*** Data excerpts ***

(* Let $n,k,d$ be positive integers with $d<n$. For every $\mathcal{A}\subset 2^{[n]}$ with $\mathrm{VC}(\triangle\mathcal{A}^k)\le d$, we have $|\mathcal{A}|\le p(n,k,d)$. Moreover there exist families $\mathcal{A}\subset 2^{[n]}$ with $\mathrm{VC}(\triangle\mathcal{A}^k)\le d$ and $|\mathcal{A}|=p(n,k,d)$. That is, the maximum size of $\mathcal{A}\subset2^{[n]}$ with $\mathrm{VC}(\triangle\mathcal{A}^k)\le d$ equals $p(n,k,d)$.
   Context: $[n]=\{1,\dots,n\}$. $\mathrm{VC}(\mathcal{F})$ is the largest cardinality of a $Y\subset[n]$ with $\{S\cap Y:S\in\mathcal{F}\}=2^Y$. $\triangle\mathcal{A}^k=\{S_1\triangle\cdots\triangle S_k: S_i\in\mathcal{A}\}$ and $\cup\mathcal{A}^k=\{S_1\cup\cdots\cup S_k: S_i\in\mathcal{A}\}$ (the $S_i$ need not be distinct). A family $\mathcal{F}\subset2^{[n]}$ is $k$-wise $(n-d)$-union if every member of $\cup\mathcal{F}^k$ has cardinality at most $d$. $p(n,k,d)$ denotes the maximum size of a $k$-wise $(n-d)$-union family $\mathcal{F}\subset 2^{[n]}$. *)

From mathcomp Require Import all_boot.
Set Implicit Arguments. Unset Strict Implicit. Unset Printing Implicit Defensive.

(* Ground set [n] is modelled by 'I_n; families are {set {set 'I_n}}. *)

Definition symdiff (T : finType) (A B : {set T}) : {set T} := (A :\: B) :|: (B :\: A).

Definition symdiff_pow (n k : nat) (A : {set {set 'I_n}}) : {set {set 'I_n}} :=
  [set S | [exists f : {ffun 'I_k -> {set 'I_n}},
      [forall i, f i \in A] && (S == \big[@symdiff _/set0]_(i < k) f i)]].

Definition union_pow (n k : nat) (A : {set {set 'I_n}}) : {set {set 'I_n}} :=
  [set S | [exists f : {ffun 'I_k -> {set 'I_n}},
      [forall i, f i \in A] && (S == \bigcup_(i < k) f i)]].

Definition shatters (n : nat) (F : {set {set 'I_n}}) (Y : {set 'I_n}) : bool :=
  [set S :&: Y | S in F] == powerset Y.

Definition VC (n : nat) (F : {set {set 'I_n}}) : nat :=
  \max_(Y : {set 'I_n} | shatters F Y) #|Y|.

Definition kwise_union (n k d : nat) (F : {set {set 'I_n}}) : bool :=
  [forall S in union_pow k F, #|S| <= d].

Definition p (n k d : nat) : nat :=
  \max_(F : {set {set 'I_n}} | kwise_union k d F) #|F|.

From mathcomp Require Import all_boot.
Set Implicit Arguments. Unset Strict Implicit. Unset Printing Implicit Defensive.

(* Compression: deleting a from every member S of A with a \in S and S \ a \notin A
   preserves |A|, lowers the total size of the members, and does not raise
   VC(ΔA^k), because a witness in the compressed family lifts back to A away from a,
   while the membership of a is repaired by swapping a member B \ni a for B \ a,
   both of which lie in A.  So A may be taken down-closed, and then every subset of
   a union S_1 ∪ ... ∪ S_k of members is the symmetric difference of disjoint
   subsets of the S_i: ΔA^k shatters the union, which thus has at most d elements,
   and A is k-wise (n-d)-union.  Conversely every member of ΔF^k is contained in a
   member of ∪F^k, so an extremal k-wise (n-d)-union family attains the bound. *)

Section BigSymdiff.
Variables (T I : finType).

Definition bigsymdiff (f : I -> {set T}) : {set T} := \big[@symdiff T/set0]_i f i.

Lemma bigsymdiff_ffun (f : I -> {set T}) : bigsymdiff [ffun i => f i] = bigsymdiff f.
Proof. by apply: eq_bigr => i _; rewrite ffunE. Qed.

Lemma in_symdiff (A B : {set T}) x : (x \in symdiff A B) = (x \in A) (+) (x \in B).
Proof. by rewrite /symdiff !inE; case: (x \in A); case: (x \in B). Qed.

Lemma in_bigsymdiff (f : I -> {set T}) x :
  (x \in bigsymdiff f) = \big[addb/false]_i (x \in f i).
Proof.
apply: (big_morph (fun S : {set T} => x \in S)); last by rewrite inE.
by move=> A B; rewrite in_symdiff.
Qed.

Lemma bigsymdiff_subset_bigcup (f : I -> {set T}) : bigsymdiff f \subset \bigcup_i f i.
Proof.
apply/subsetP => x; rewrite in_bigsymdiff; case: (pickP (fun i => x \in f i)).
  by move=> i xfi _; apply/bigcupP; exists i.
by move=> nf; rewrite big1.
Qed.

Lemma in_bigsymdiff_update (f : I -> {set T}) i0 (s : {set T}) x :
  (x \in bigsymdiff (fun i => if i == i0 then s else f i))
  = (x \in s) (+) ((x \in f i0) (+) (x \in bigsymdiff f)).
Proof.
rewrite !in_bigsymdiff (bigD1 i0) // [in RHS](bigD1 i0) //= eqxx addKb.
by congr (_ (+) _); apply: eq_bigr => i /negbTE ->.
Qed.

Lemma bigsymdiffD1 (f g : I -> {set T}) a :
  (forall i, f i :\ a = g i :\ a) -> bigsymdiff f :\ a = bigsymdiff g :\ a.
Proof.
move=> fg; apply/setP => x; rewrite !in_setD1 !in_bigsymdiff.
have [//|neq_xa] := eqVneq x a; congr (_ && _); apply: eq_bigr => i _.
by have /setP/(_ x) := fg i; rewrite !in_setD1 neq_xa.
Qed.

(* Each x \in Z goes to the piece of the first f i containing it. *)
Lemma bigsymdiff_partition (f : I -> {set T}) (Z : {set T}) :
  Z \subset \bigcup_i f i ->
  exists2 g : I -> {set T}, (forall i, g i \subset f i) & bigsymdiff g = Z.
Proof.
move=> Zf; pose first x := [pick i | x \in f i].
exists (fun i => [set x in Z | first x == Some i]).
  move=> i; apply/subsetP => x; rewrite inE /first => /andP[_].
  by case: pickP => [j xfj /eqP[<-] | _].
apply/setP => x; rewrite in_bigsymdiff; case: (boolP (x \in Z)) => xZ; last first.
  by rewrite big1 // => i _; rewrite inE (negbTE xZ).
have [j first_x] : exists j, first x = Some j.
  have /bigcupP[i _ xfi] := subsetP Zf x xZ.
  by rewrite /first; case: pickP => [j _ | /(_ i)]; [exists j | rewrite xfi].
rewrite (bigD1 j) //= big1 => [|i neq_ij]; rewrite inE xZ first_x ?eqxx //=.
by apply/eqP => -[eq_ij]; rewrite eq_ij eqxx in neq_ij.
Qed.

End BigSymdiff.

Section Compression.
Variables (T : finType) (A : {set {set T}}) (a : T).

Definition compress (S : {set T}) : {set T} :=
  if (a \in S) && (S :\ a \notin A) then S :\ a else S.

Definition compression : {set {set T}} := compress @: A.

Definition weight (F : {set {set T}}) : nat := \sum_(S in F) #|S|.

Lemma compress_inj : {in A &, injective compress}.
Proof.
move=> S S' SA S'A; rewrite /compress.
case: ifP => [/andP[aS nSA] | _]; case: ifP => [/andP[aS' nS'A] | _] //.
- move=> eqD; apply/setP => x; have [-> | neq_xa] := eqVneq x a; first by rewrite aS aS'.
  by move/setP/(_ x): eqD; rewrite !in_setD1 neq_xa.
- by move=> eqS; rewrite eqS S'A in nSA.
- by move=> eqS; rewrite -eqS SA in nS'A.
Qed.

Lemma card_compression : #|compression| = #|A|.
Proof. exact: card_in_imset compress_inj. Qed.

Lemma compression_lift B : B \in compression -> exists2 S, S \in A & S :\ a = B :\ a.
Proof.
case/imsetP => S SA ->; exists S => //; rewrite /compress.
by case: ifP => // _; rewrite setDDl setUid.
Qed.

Lemma compression_mem B : B \in compression -> a \in B -> B \in A /\ B :\ a \in A.
Proof.
case/imsetP => S SA ->; rewrite /compress; case: ifP => [_ | ]; first by rewrite !inE eqxx.
by move=> + aS; rewrite aS /= => /negbFE.
Qed.

Lemma weight_compression_lt S : S \in A -> a \in S -> S :\ a \notin A ->
  weight compression < weight A.
Proof.
move=> SA aS nSA; rewrite /weight /compression big_imset; last exact: compress_inj.
rewrite [X in _ < X](bigD1 S) // [X in X < _](bigD1 S) //=.
rewrite -addSn; apply: leq_add; first by rewrite /compress aS nSA [X in _ < X](cardsD1 a) aS.
apply: leq_sum => S' _; rewrite /compress; case: ifP => // _.
by rewrite [X in _ <= X](cardsD1 a) leq_addl.
Qed.

End Compression.

Definition down_closed (T : finType) (F : {set {set T}}) :=
  forall S S' : {set T}, S \in F -> S' \subset S -> S' \in F.

Lemma down_closed_setD1 (T : finType) (A : {set {set T}}) :
  (forall (a : T) S, S \in A -> a \in S -> S :\ a \in A) -> down_closed A.
Proof.
move=> closedA S; elim: {S}_.+1 {-2}S (ltnSn #|S|) => // m IH S ltSm S' SA S'S.
have [-> // | neq_S'S] := eqVneq S' S.
have /properP[_ [a aS nS'a]] : S' \proper S by rewrite properEneq neq_S'S.
apply: (IH (S :\ a)); first by move: ltSm; rewrite (cardsD1 a S) aS.
  exact: closedA.
by rewrite subsetD1 S'S.
Qed.

Section Shattering.
Variables n k : nat.
Implicit Types (A F : {set {set 'I_n}}) (S Y Z : {set 'I_n}).

Lemma shattersP F Y :
  reflect (forall Z, Z \subset Y -> exists2 S, S \in F & S :&: Y = Z) (shatters F Y).
Proof.
apply: (iffP eqP) => [eqFY Z ZY | shF].
  have : Z \in powerset Y by rewrite powersetE.
  by rewrite -eqFY => /imsetP[S SF ->]; exists S.
apply/setP => Z; rewrite powersetE; apply/imsetP/idP => [[S _ ->] | /shF].
  exact: subsetIr.
by case=> S SF <-; exists S.
Qed.

Lemma symdiff_powP A S :
  reflect (exists2 f : 'I_k -> {set 'I_n}, (forall i, f i \in A) & S = bigsymdiff f)
          (S \in symdiff_pow k A).
Proof.
rewrite inE; apply: (iffP existsP) => [[f /andP[/forallP fA /eqP ->]] | [f fA ->]].
  by exists f.
exists [ffun i => f i]; rewrite -[bigsymdiff f]bigsymdiff_ffun eqxx andbT.
by apply/forallP => i; rewrite ffunE.
Qed.

Lemma union_powP A S :
  reflect (exists2 f : 'I_k -> {set 'I_n}, (forall i, f i \in A) & S = \bigcup_i f i)
          (S \in union_pow k A).
Proof.
rewrite inE; apply: (iffP existsP) => [[f /andP[/forallP fA /eqP ->]] | [f fA ->]].
  by exists f.
exists [ffun i => f i]; apply/andP; split; first by apply/forallP => i; rewrite ffunE.
by apply/eqP/eq_bigr => i _; rewrite ffunE.
Qed.

Lemma shatters_symdiff_powP A Y :
  reflect (forall Z, Z \subset Y -> exists2 f : 'I_k -> {set 'I_n},
             (forall i, f i \in A) & bigsymdiff f :&: Y = Z)
          (shatters (symdiff_pow k A) Y).
Proof.
apply: (iffP (shattersP _ _)) => [shA Z /shA[_ /symdiff_powP[f fA ->]] | shA Z /shA[f fA]].
  by exists f.
by exists (bigsymdiff f) => //; apply/symdiff_powP; exists f.
Qed.

Lemma kwise_union_VC d A : kwise_union k d A -> VC (symdiff_pow k A) <= d.
Proof.
move/forall_inP=> kwA; apply/bigmax_leqP => Y /shatters_symdiff_powP/(_ Y (subxx Y)).
case=> f fA trY; apply: leq_trans (kwA (\bigcup_i f i) _).
  by apply/subset_leq_card/(subset_trans _ (bigsymdiff_subset_bigcup f)); rewrite -trY subsetIl.
by apply/union_powP; exists f.
Qed.

Lemma down_closed_kwise_union d A :
  down_closed A -> VC (symdiff_pow k A) <= d -> kwise_union k d A.
Proof.
move=> downA /bigmax_leqP VCd; apply/forall_inP => _ /union_powP[f fA ->].
apply/VCd/shatters_symdiff_powP => Z Zf.
have [g gf gZ] := bigsymdiff_partition Zf.
exists g; first by move=> i; exact: downA (fA i) (gf i).
by rewrite gZ; apply/setIidPl.
Qed.

Lemma compression_lift_family A a (g : 'I_k -> {set 'I_n}) :
  (forall i, g i \in compression A a) ->
  exists2 f : 'I_k -> {set 'I_n}, (forall i, f i \in A) & forall i, f i :\ a = g i :\ a.
Proof.
move=> gC; have [f fA fg] := fin_all_exists2 (fun i => compression_lift (gC i)).
by exists f.
Qed.

Lemma compression_lift_bigsymdiff_mem A a (g : 'I_k -> {set 'I_n}) (b : bool) :
  (forall i, g i \in compression A a) -> a \in bigsymdiff g ->
  exists2 h : 'I_k -> {set 'I_n}, (forall i, h i \in A) &
    bigsymdiff h :\ a = bigsymdiff g :\ a /\ (a \in bigsymdiff h) = b.
Proof.
move=> gC ag; have [f fA fg] := compression_lift_family gC.
have /bigcupP[j _ agj] := subsetP (bigsymdiff_subset_bigcup g) a ag.
have [gjA gjaA] := compression_mem (gC j) agj.
pose s := if b (+) ((a \in f j) (+) (a \in bigsymdiff f)) then g j else g j :\ a.
have sA : s \in A by rewrite /s; case: ifP.
have sD1 : s :\ a = g j :\ a by rewrite /s; case: ifP; rewrite // setDDl setUid.
have a_s : (a \in s) = b (+) ((a \in f j) (+) (a \in bigsymdiff f)).
  by rewrite /s; case: ifP => _; rewrite ?agj // !inE eqxx.
exists (fun i => if i == j then s else f i); first by move=> i; case: eqP.
split; last by rewrite in_bigsymdiff_update a_s addbK.
by apply: bigsymdiffD1 => i; case: eqP => [-> |].
Qed.

Lemma VC_symdiff_pow_compression A a :
  VC (symdiff_pow k (compression A a)) <= VC (symdiff_pow k A).
Proof.
apply/bigmax_leqP => Y /shatters_symdiff_powP shY; apply: leq_bigmax_cond.
apply/shatters_symdiff_powP => Z ZY.
have agree_off_a (S S' : {set 'I_n}) x : S :\ a = S' :\ a -> x != a -> (x \in S) = (x \in S').
  by move=> /setP/(_ x); rewrite !in_setD1 => + neq_xa; rewrite neq_xa.
have [aY | naY] := boolP (a \in Y); last first.
  have [g gC trg] := shY Z ZY; have [f fA fg] := compression_lift_family gC.
  exists f => //; rewrite -trg; apply/setP => x; rewrite !inE.
  have [xY | _] := boolP (x \in Y); rewrite ?andbF ?andbT //.
  by apply: agree_off_a; [apply: bigsymdiffD1 | apply: contraNneq naY => <-].
have [g gC trg] : exists2 g : 'I_k -> {set 'I_n}, (forall i, g i \in compression A a) &
    bigsymdiff g :&: Y = Z :|: [set a].
  by apply: shY; rewrite subUset ZY sub1set.
have ag : a \in bigsymdiff g by have /setP/(_ a) := trg; rewrite !inE eqxx orbT => /andP[].
have [h hA [hg ah]] := compression_lift_bigsymdiff_mem (a \in Z) gC ag.
exists h => //; apply/setP => x; rewrite inE.
have [-> | neq_xa] := eqVneq x a; first by rewrite ah aY andbT.
have /setP/(_ x) := trg; rewrite !inE (negbTE neq_xa) orbF => <-.
by rewrite (agree_off_a _ _ _ hg).
Qed.

Lemma card_le_p d A : VC (symdiff_pow k A) <= d -> #|A| <= p n k d.
Proof.
move wA: (weight A) => m; elim/ltn_ind: m A wA => m IH A wA VCA.
case: (boolP [exists a, exists S in A, (a \in S) && (S :\ a \notin A)]).
  case/existsP => a /exists_inP[S SA /andP[aS nSaA]].
  rewrite -(card_compression A a); apply: IH (erefl _) _.
    by rewrite -wA; exact: weight_compression_lt SA aS nSaA.
  exact: leq_trans (VC_symdiff_pow_compression A a) VCA.
move=> noA; apply: leq_bigmax_cond; apply: (down_closed_kwise_union _ VCA).
apply: down_closed_setD1 => a S SA aS; apply: contraNT noA => nSaA.
by apply/existsP; exists a; apply/exists_inP; exists S; rewrite ?aS.
Qed.

Lemma kwise_union0 d : kwise_union k d (set0 : {set {set 'I_n}}).
Proof.
apply/forall_inP => _ /union_powP[f f0 ->].
by rewrite big1 ?cards0 // => i _; have := f0 i; rewrite inE.
Qed.

Lemma p_attained d : exists2 F : {set {set 'I_n}}, kwise_union k d F & #|F| = p n k d.
Proof.
have [|F kwF maxF] := eq_bigmax_cond (fun F => #|F|) (A := @kwise_union n k d).
  by apply/card_gt0P; exists set0; apply: kwise_union0.
by exists F; last exact: esym maxF.
Qed.

End Shattering.

Theorem theorem5 (n k d : nat) (hk : 0 < k) (hd : 0 < d) (hdn : d < n) :
  (forall A : {set {set 'I_n}}, VC (symdiff_pow k A) <= d -> #|A| <= p n k d) /\
  (exists A : {set {set 'I_n}}, VC (symdiff_pow k A) <= d /\ #|A| = p n k d).
Proof.
split; first exact: card_le_p.
have [F kwF cardF] := p_attained n k d.
by exists F; split; first exact: kwise_union_VC.
Qed.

*** End of Data excerpts ***

§ **Requirement**: Taking the records above, retype every line from the one with "a union S_1" down to the one with "(* Each x \in", exactly and with nothing else.

§ **Answer for this exercise**:
   a union S_1 ∪ ... ∪ S_k of members is the symmetric difference of disjoint
   subsets of the S_i: ΔA^k shatters the union, which thus has at most d elements,
   and A is k-wise (n-d)-union.  Conversely every member of ΔF^k is contained in a
   member of ∪F^k, so an extremal k-wise (n-d)-union family attains the bound. *)

Section BigSymdiff.
Variables (T I : finType).

Definition bigsymdiff (f : I -> {set T}) : {set T} := \big[@symdiff T/set0]_i f i.

Lemma bigsymdiff_ffun (f : I -> {set T}) : bigsymdiff [ffun i => f i] = bigsymdiff f.
Proof. by apply: eq_bigr => i _; rewrite ffunE. Qed.

Lemma in_symdiff (A B : {set T}) x : (x \in symdiff A B) = (x \in A) (+) (x \in B).
Proof. by rewrite /symdiff !inE; case: (x \in A); case: (x \in B). Qed.

Lemma in_bigsymdiff (f : I -> {set T}) x :
  (x \in bigsymdiff f) = \big[addb/false]_i (x \in f i).
Proof.
apply: (big_morph (fun S : {set T} => x \in S)); last by rewrite inE.
by move=> A B; rewrite in_symdiff.
Qed.

Lemma bigsymdiff_subset_bigcup (f : I -> {set T}) : bigsymdiff f \subset \bigcup_i f i.
Proof.
apply/subsetP => x; rewrite in_bigsymdiff; case: (pickP (fun i => x \in f i)).
  by move=> i xfi _; apply/bigcupP; exists i.
by move=> nf; rewrite big1.
Qed.

Lemma in_bigsymdiff_update (f : I -> {set T}) i0 (s : {set T}) x :
  (x \in bigsymdiff (fun i => if i == i0 then s else f i))
  = (x \in s) (+) ((x \in f i0) (+) (x \in bigsymdiff f)).
Proof.
rewrite !in_bigsymdiff (bigD1 i0) // [in RHS](bigD1 i0) //= eqxx addKb.
by congr (_ (+) _); apply: eq_bigr => i /negbTE ->.
Qed.

Lemma bigsymdiffD1 (f g : I -> {set T}) a :
  (forall i, f i :\ a = g i :\ a) -> bigsymdiff f :\ a = bigsymdiff g :\ a.
Proof.
move=> fg; apply/setP => x; rewrite !in_setD1 !in_bigsymdiff.
have [//|neq_xa] := eqVneq x a; congr (_ && _); apply: eq_bigr => i _.
by have /setP/(_ x) := fg i; rewrite !in_setD1 neq_xa.
Qed.

(* Each x \in Z goes to the piece of the first f i containing it. *)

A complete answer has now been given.